(Saved entries)

________

(* Let $G$ and $H$ be connected graphs of order at least two. If $\Delta(G_{\rm SR})\ge 2$ or $\Delta(H_{\rm SR})\ge 2$, then $O_{\rm SR}(G\,\square\, H)=\mathcal{B}$.
   Context: All graphs are finite, simple and undirected; $d(x,y)$ is the shortest-path distance and $\Delta$ denotes maximum degree. The Cartesian product $G\,\square\,H$ has vertex set $V(G)\times V(H)$, with $(u,w)$ adjacent to $(u',w')$ iff either $u=u'$ and $ww'\in E(H)$, or $w=w'$ and $uu'\in E(G)$. A set $S\subseteq V(X)$ is a strong resolving set of a connected graph $X$ if for all distinct $x,y\in V(X)$ there exists $z\in S$ such that $x$ lies on a $y$–$z$ geodesic or $y$ lies on an $x$–$z$ geodesic. A vertex $u$ is maximally distant from $v$ if $d(u,v)\ge d(w,v)$ for every neighbor $w$ of $u$; $u,v$ are mutually maximally distant (MMD) if each is maximally distant from the other. The strong resolving graph $X_{\rm SR}$ has vertex set $\{x: x\text{ is MMD with some }y\}$ and edges exactly the MMD pairs. The Maker–Breaker strong resolving game on $X$: Maker and Breaker alternately select a not-yet-chosen vertex of $X$; Maker wins if the vertices he selects contain a strong resolving set of $X$, Breaker wins otherwise. In the M-game Maker moves first, in the B-game Breaker moves first. $O_{\rm SR}(X)=\mathcal{M}$ if Maker has a winning strategy in both games, $\mathcal{B}$ if Breaker has a winning strategy in both, and $\mathcal{N}$ if the first player has a winning strategy in each. *)

From mathcomp Require Import all_boot.
Set Implicit Arguments. Unset Strict Implicit. Unset Printing Implicit Defensive.

Section Graphs.
Variable T : finType.
Variable e : rel T.

Definition simple_graph : Prop := symmetric e /\ irreflexive e.
Definition connected_graph : Prop := forall x y : T, connect e x y.

Fixpoint ball (x : T) (n : nat) : {set T} :=
  match n with
  | 0 => [set x]
  | n'.+1 => ball x n' :|: [set z | [exists w in ball x n', e w z]]
  end.

(* shortest-path distance (correct for connected graphs, where it is < #|T|) *)
Definition dist (x y : T) : nat := find (fun n => y \in ball x n) (iota 0 #|T|).

Definition on_geodesic (x y z : T) : bool := dist y x + dist x z == dist y z.

Definition strong_resolving (S : {set T}) : Prop :=
  forall x y : T, x != y ->
    exists2 z, z \in S & on_geodesic x y z || on_geodesic y x z.

Definition max_distant (u v : T) : bool :=
  [forall w, e u w ==> (dist w v <= dist u v)].
Definition mmd (u v : T) : bool := max_distant u v && max_distant v u.

(* strong resolving graph: edges are the MMD pairs (simple graph, no loops) *)
Definition SR_edge (x y : T) : bool := (x != y) && mmd x y.
Definition SR_vertex (x : T) : bool := [exists y, mmd x y].
Definition SR_deg (x : T) : nat := #|[set y | SR_edge x y]|.
Definition Delta_SR : nat := \max_(x | SR_vertex x) SR_deg x.

(* Maker-Breaker strong resolving game.  State: Maker's set M, Breaker's set
   B, whose turn (true = Maker).  k is a fuel bounding the remaining moves. *)
Definition maker_final (M : {set T}) : Prop :=
  exists S : {set T}, S \subset M /\ strong_resolving S.

Fixpoint breaker_wins (k : nat) (M B : {set T}) (maker_turn : bool) : Prop :=
  match k with
  | 0 => ~ maker_final M
  | k'.+1 =>
    if ~~ [exists v, v \notin M :|: B] then ~ maker_final M
    else if maker_turn then
      forall v, v \notin M :|: B -> breaker_wins k' (v |: M) B false
    else
      exists2 v, v \notin M :|: B & breaker_wins k' M (v |: B) true
  end.

(* Breaker has a winning strategy in the M-game and in the B-game *)
Definition OSR_is_B : Prop :=
  breaker_wins #|T| set0 set0 true /\ breaker_wins #|T| set0 set0 false.
End Graphs.

Definition cart_rel (T1 T2 : finType) (e1 : rel T1) (e2 : rel T2) : rel (T1 * T2) :=
  fun p q => ((p.1 == q.1) && e2 p.2 q.2) || ((p.2 == q.2) && e1 p.1 q.1).

(* Every strong resolving set contains a vertex of each pair of mutually
   maximally distant (MMD) vertices, so Breaker wins as soon as he owns both
   ends of such a pair.  Distances in G □ H add up coordinatewise, hence
   (g, h) and (g', h') are MMD whenever g, g' and h, h' are.  A vertex g with
   two MMD partners g1, g2 and an MMD pair h, h' in the other factor give two
   disjoint forks (g, h) -> (g1, h'), (g2, h') and (g, h') -> (g1, h), (g2, h).
   Breaker claims the centre of a fork avoided by Maker; Maker can then take
   only one of its two leaves, and Breaker takes the other. *)

From mathcomp Require Import all_boot zify.
Set Implicit Arguments. Unset Strict Implicit. Unset Printing Implicit Defensive.

Section Game.
Variables (T : finType) (e : rel T).

Definition blocking_pair (u v : T) : Prop :=
  forall S, strong_resolving e S -> (u \in S) || (v \in S).

Definition fork (a a1 a2 : T) : Prop :=
  [/\ uniq [:: a; a1; a2], blocking_pair a a1 & blocking_pair a a2].

Lemma breaker_wins_maker_turn k (M B : {set T}) v0 :
  v0 \notin M :|: B ->
  (forall v, v \notin M :|: B -> breaker_wins e k (v |: M) B false) ->
  breaker_wins e k.+1 M B true.
Proof.
by move=> v0_free win /=; have -> : [exists v, v \notin M :|: B] by apply/existsP; exists v0.
Qed.

Lemma breaker_wins_breaker_turn k (M B : {set T}) v :
  v \notin M :|: B -> breaker_wins e k M (v |: B) true -> breaker_wins e k.+1 M B false.
Proof.
move=> v_free win /=; have -> : [exists v, v \notin M :|: B] by apply/existsP; exists v.
by exists v.
Qed.

Lemma blocking_pair_not_final u v (M : {set T}) :
  blocking_pair u v -> u \notin M -> v \notin M -> ~ maker_final e M.
Proof.
by move=> uv /negbTE uM /negbTE vM [S [/subsetP SM /uv /orP[/SM|/SM]]]; rewrite ?uM ?vM.
Qed.

Lemma breaker_wins_blocking_pair k (M B : {set T}) t u v :
  blocking_pair u v -> u \in B -> v \in B -> u \notin M -> v \notin M ->
  breaker_wins e k M B t.
Proof.
move=> uv; elim: k M B t => [|k IH] M B t uB vB uM vM /=.
  exact: blocking_pair_not_final uv uM vM.
case: ifP => [_|/negbFE/existsP [w w_free]]; first exact: blocking_pair_not_final uv uM vM.
case: t; last by exists w => //; apply: IH; rewrite // !inE ?uB ?vB orbT.
move=> x; rewrite inE negb_or => /andP [_ xB].
have neq_x y : y \in B -> y != x by apply: contraTneq => ->.
by apply: IH; rewrite // !inE negb_or ?uM ?vM neq_x.
Qed.

Section Fork.
Variables (a a1 a2 : T).
Hypothesis fork_a : fork a a1 a2.

Lemma fork_maker_turn k (M B : {set T}) :
  a \in B -> a \notin M -> a1 \notin M :|: B -> a2 \notin M :|: B ->
  breaker_wins e k.+2 M B true.
Proof.
case: fork_a => uniq_a aa1 aa2 aB aM a1_free a2_free.
have a1a2 : a1 != a2 by move: uniq_a => /and3P [_ + _]; rewrite inE.
apply: (breaker_wins_maker_turn a1_free) => x; rewrite inE negb_or => /andP [_ xB].
have aMx : a \notin x |: M.
  by rewrite !inE negb_or aM andbT; apply: contraTneq aB => ->.
have [c [c_free cx ac]] : exists c, [/\ c \notin M :|: B, c != x & blocking_pair a c].
  by have [<-|] := eqVneq a1 x; [exists a2; rewrite eq_sym | exists a1].
apply: (breaker_wins_breaker_turn (v := c)); first by move: c_free; rewrite !inE !negb_or cx.
move: c_free; rewrite inE negb_or => /andP [cM _].
by apply: (breaker_wins_blocking_pair _ _ ac) => //; rewrite !inE ?eqxx ?aB ?orbT //= negb_or cx.
Qed.

Lemma fork_breaker_turn k (M B : {set T}) :
  a \notin M :|: B -> a1 \notin M :|: B -> a2 \notin M :|: B ->
  breaker_wins e k.+3 M B false.
Proof.
case: (fork_a) => /and3P [a_a12 _ _] _ _ a_free a1_free a2_free.
have still_free y : y \in [:: a1; a2] -> y \notin M :|: B -> y \notin M :|: (a |: B).
  move=> y12 y_free; rewrite setUCA in_setU1 negb_or y_free andbT.
  by apply: contraNneq a_a12 => <-.
apply: (breaker_wins_breaker_turn a_free); apply: fork_maker_turn.
- exact: setU11.
- by move: a_free; rewrite inE negb_or => /andP [].
- exact: still_free (mem_head _ _) a1_free.
- exact: still_free (mem_last _ _) a2_free.
Qed.
End Fork.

________

Task to complete: Looking at the data above, write out exactly the lines that start at the one containing "by exists v." and end at the one containing "have neq_x y"; include both and nothing beyond.

Response to the task:
by exists v.
Qed.

Lemma blocking_pair_not_final u v (M : {set T}) :
  blocking_pair u v -> u \notin M -> v \notin M -> ~ maker_final e M.
Proof.
by move=> uv /negbTE uM /negbTE vM [S [/subsetP SM /uv /orP[/SM|/SM]]]; rewrite ?uM ?vM.
Qed.

Lemma breaker_wins_blocking_pair k (M B : {set T}) t u v :
  blocking_pair u v -> u \in B -> v \in B -> u \notin M -> v \notin M ->
  breaker_wins e k M B t.
Proof.
move=> uv; elim: k M B t => [|k IH] M B t uB vB uM vM /=.
  exact: blocking_pair_not_final uv uM vM.
case: ifP => [_|/negbFE/existsP [w w_free]]; first exact: blocking_pair_not_final uv uM vM.
case: t; last by exists w => //; apply: IH; rewrite // !inE ?uB ?vB orbT.
move=> x; rewrite inE negb_or => /andP [_ xB].
have neq_x y : y \in B -> y != x by apply: contraTneq => ->.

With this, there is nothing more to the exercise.